Former National trade minister Tim Groser, speaking in June 2025, described the broader situation as “policy instability on steroids” but argued NZ’s position was “relatively stable” compared to countries facing more punitive rates. He warned, however, that pharmaceutical products are “absolutely in the sights of this administration,” pointing to the Pharmac drug purchasing model as a specific vulnerability and noting that steel and aluminium already face 50% tariffs.

The gap between what officials said publicly and privately

OIA documents reported by RNZ revealed that when the US imposed a 15% tariff rate, Trade Minister Todd McClay publicly called it “not surprising”. Internally, officials described it as an “unwelcome surprise” that was “clearly unfair.” MFAT deputy secretary Grahame Morton wrote: “This is extremely disappointing news.”

Washington-based officials concluded the single factor driving NZ’s higher rate was that NZ exported more to the US than it imported. A trade surplus treated as a grievance. The only suggested remedy was addressing the deficit through major purchases like aircraft. That is not a trade negotiation. It is a shakedown.

This matters for business planning because it confirms NZ’s tariff rate is not a function of trade policy merit. It is a function of bilateral arithmetic that NZ cannot easily change, set by an administration that has cycled through at least five different tariff regimes since January 2025.

What this actually means for exporters

The Treasury Budget Economic and Fiscal Update forecasts GDP growth of 1.2% for the year to June 2026, with CPI inflation hitting 4.2% in the June quarter.
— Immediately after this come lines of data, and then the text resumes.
(* There exists a simple temporal graph $\mathcal G$ whose non-strict-journey reachability graph is not isomorphic to the reachability graph of any happy temporal graph $\mathcal H$. (For instance, $\mathcal G$ on vertices $a,b,c,d,e$ with edges $ac,ad$ labeled $1$, $bc,de$ labeled $2$, and $cd$ labeled $3$.)
   Context: A temporal graph is a triple $\mathcal G=(V,E,\lambda)$ where $V$ is a finite vertex set, $E$ is a set of undirected edges on $V$, and $\lambda:E\to 2^{\mathbb N}\setminus\{\emptyset\}$ assigns to each edge a nonempty set of presence times. The footprint of $\mathcal G$ is the static graph $(V,E)$. A contact is a pair $(e,t)$ with $e\in E$ and $t\in\lambda(e)$. A journey from $u$ to $v$ is a sequence of contacts $(e_1,t_1),\dots,(e_k,t_k)$, $k\ge 1$, such that $e_1,\dots,e_k$ form a path from $u$ to $v$ in the footprint and $t_1\le t_2\le\dots\le t_k$ (a non-strict journey); it is strict if $t_1<t_2<\dots<t_k$. $\mathcal G$ is proper if $\lambda(e)\cap\lambda(e')=\emptyset$ for any two distinct edges $e,e'$ sharing an endpoint (in a proper graph every journey is strict); simple if $|\lambda(e)|=1$ for every edge $e$; happy if it is both proper and simple. The reachability graph $\mathcal C(\mathcal G)$ (with respect to a chosen journey notion) is the directed graph on $V$ having an arc $(u,v)$, $u\neq v$, if and only if there is a journey from $u$ to $v$. Reachability graphs are compared up to isomorphism of directed graphs. *)

From mathcomp Require Import all_boot.
Set Implicit Arguments. Unset Strict Implicit. Unset Printing Implicit Defensive.

(* A temporal graph on a finite vertex type V: an edge relation (the footprint)
   and, for each pair of vertices, a (possibly infinite) set of presence times,
   given as a boolean predicate on nat.  Only the labels of actual edges matter. *)
Record tgraph (V : finType) := TGraph {
  tedge : rel V;
  tlab  : V -> V -> pred nat
}.

Definition tg_wf (V : finType) (G : tgraph V) : Prop :=
  (forall x, ~~ tedge G x x) /\
  (forall x y, tedge G x y = tedge G y x) /\
  (forall x y t, tlab G x y t = tlab G y x t) /\
  (forall x y, tedge G x y -> exists t, tlab G x y t).

Definition tg_simple (V : finType) (G : tgraph V) : Prop :=
  forall x y, tedge G x y -> exists t, forall t', tlab G x y t' <-> t' = t.

Definition tg_proper (V : finType) (G : tgraph V) : Prop :=
  forall x y z, y != z -> tedge G x y -> tedge G x z ->
    forall t, ~ (tlab G x y t /\ tlab G x z t).

Definition tg_happy (V : finType) (G : tgraph V) : Prop :=
  tg_proper G /\ tg_simple G.

(* A journey from u is encoded as the list of contacts
   [(x1,t1); ...; (xk,tk)] : contact i uses edge x_{i-1} x_i (x_0 = u) at time t_i. *)
Fixpoint jcontacts (V : finType) (G : tgraph V) (x : V) (s : seq (V * nat)) : bool :=
  match s with
  | [::] => true
  | (y, t) :: s' => tedge G x y && tlab G x y t && jcontacts G y s'
  end.

Definition journey (V : finType) (G : tgraph V) (strict : bool)
    (u v : V) (s : seq (V * nat)) : Prop :=
  [/\ s != [::],
      last u (map fst s) = v,
      uniq (u :: map fst s),
      jcontacts G u s &
      sorted (fun a b : nat => if strict then a < b else a <= b) (map snd s)].

Definition reach (V : finType) (G : tgraph V) (strict : bool) (u v : V) : Prop :=
  u != v /\ exists s, journey G strict u v s.

Definition digraph_iso (V W : finType) (A : V -> V -> Prop) (B : W -> W -> Prop) : Prop :=
  exists f : V -> W, bijective f /\ forall u v, A u v <-> B (f u) (f v).

From mathcomp Require Import all_boot.
From HB Require Import structures.
From mathcomp Require Import zify.
Set Implicit Arguments. Unset Strict Implicit.
(* Fix $\alpha\in(0,1]$, $\epsilon>0$, a function $A:(2\pi,\infty)\to[0,\infty)$ and a function $B:\{(\beta_L,\beta_R)\in(0,\infty)^2:\beta_L\beta_R>4\pi^2\}\to[0,\infty)$. Consider the class $\mathcal{C}$ of all unitary, Virasoro invariant, modular invariant 2D CFTs (any central charge $c>1$) satisfying $$\sum_{h+\bar h\leqslant\frac c{12}+\epsilon}n_{h,\bar h}e^{-(h+\bar h)\beta}\leqslant A(\beta)\ \ (\beta>2\pi),\qquad \tilde Z_L^{\rm Vir}(\alpha;\beta_L,\beta_R)\leqslant B(\beta_L,\beta_R)\ \ (\beta_L\beta_R>4\pi^2),$$ where $n_{h,\bar h}$ are Virasoro primary multiplicities. Then for each $(\beta_L,\beta_R)\in\mathcal{D}_\alpha$ there is a constant $K<\infty$, independent of the theory in $\mathcal{C}$ and of $c$, with $\left|\log Z(\beta_L,\beta_R)-\frac c{24}(\beta_L+\beta_R)\right|\leqslant K$ for all theories in $\mathcal{C}$; and for each $(\beta_L,\beta_R)$ with $(4\pi^2/\beta_L,4\pi^2/\beta_R)\in\mathcal{D}_\alpha$ there is such a constant $K$ with $\left|\log Z(\beta_L,\beta_R)-\frac{\pi^2c}{6}\left(\frac1{\beta_L}+\frac1{\beta_R}\right)\right|\leqslant K$ for all theories in $\mathcal{C}$.
   Context: Let $\eta(\beta)=e^{-\beta/24}\prod_{n\geqslant1}(1-e^{-n\beta})$. A unitary, Virasoro invariant, modular invariant 2D CFT with central charge $c>1$ is given by a countable set of Virasoro primary weights $(h,\bar h)$, $h,\bar h\geqslant0$, with multiplicities $n_{h,\bar h}\in\mathbb{N}$, where the vacuum $(0,0)$ has multiplicity $1$ (normalizable vacuum) and primaries with $h=0$ or $\bar h=0$ other than the vacuum have the form $(J,0)$ or $(0,J)$ with $J$ a positive integer; the partition function is $Z(\beta_L,\beta_R)=\sum n_{h,\bar h}\chi_h(\beta_L)\chi_{\bar h}(\beta_R)$ with $\chi_0(\beta)=\frac{e^{\frac{c-1}{24}\beta}}{\eta(\beta)}(1-e^{-\beta})$ and $\chi_h(\beta)=\frac{e^{\frac{c-1}{24}\beta}}{\eta(\beta)}e^{-h\beta}$ for $h>0$; $Z$ is finite for all $\beta_L,\beta_R>0$ and $Z(\beta_L,\beta_R)=Z(4\pi^2/\beta_L,4\pi^2/\beta_R)$. Define $$\tilde Z_L^{\rm Vir}(\alpha;\beta_L,\beta_R)=(1-e^{-\beta_L})(1-e^{-\beta_R})+\sum_{0<\min(h,\bar h)<\frac{\alpha(c-1)}{24}}n_{h,\bar h}e^{-h\beta_L-\bar h\beta_R}+\sum_{J\geqslant1}n_{J,0}e^{-J\beta_L}(1-e^{-\beta_R})+\sum_{J\geqslant1}n_{0,J}(1-e^{-\beta_L})e^{-J\beta_R}.$$ Let $\phi_\alpha(\beta)=\max\left\{\frac{4\pi^2}{\beta},\ \frac12\left(\alpha(4\pi-\beta)+\sqrt{\alpha^2(4\pi-\beta)^2+16\pi^2(1-\alpha)}\right)\right\}$ and $\mathcal{D}_\alpha=\{\beta_R>2\pi,\ \beta_L>\phi_\alpha(\beta_R)\}\cup\{\beta_L>2\pi,\ \beta_R>\phi_\alpha(\beta_L)\}$. *)

From Stdlib Require Import Reals Lra.
From Coquelicot Require Import Coquelicot.
Open Scope R_scope.

Definition psum (f : nat -> R) : Rbar := Lim_seq (fun N => sum_n f N).

Fixpoint eta_pprod (beta : R) (N : nat) : R :=
  match N with
  | O => 1
  | S k => eta_pprod beta k * (1 - exp (- (INR (S k)) * beta))
  end.

Definition eta (beta : R) : R :=
  exp (- beta / 24) * real (Lim_seq (eta_pprod beta)).

Definition chi (c h beta : R) : R :=
  exp ((c - 1) / 24 * beta) / eta beta *
  (if Req_EM_T h 0 then 1 - exp (- beta) else exp (- h * beta)).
Treasury notes that kiwifruit and meat traded at record-high prices, but forestry and wine faced “more challenging conditions.” The sectors most exposed to US tariff pressure are the same ones Treasury flags as struggling.

Around 70% of NZ’s total exports already go to FTA partner countries, and the CPTPP covers 12 nations. The infrastructure for diversification exists. The question is whether individual businesses have done the work to redirect supply chains, build customer relationships, and actually utilise the preferential rates available to them.

In April 2025, former Reserve Bank economist Michael Reddell warned that if the US regime “remains fundamentally unpredictable for a very long time, there will be a sharp depression in investment” with recovery taking five to ten years. Eighteen months later, the unpredictability has not eased. It has become the new normal.

New Zealand has no bilateral FTA with the US and no realistic prospect of getting one. The exporters who are winning treated the first tariff shock as a permanent signal. Those still waiting for stability to return are planning against a world that no longer exists.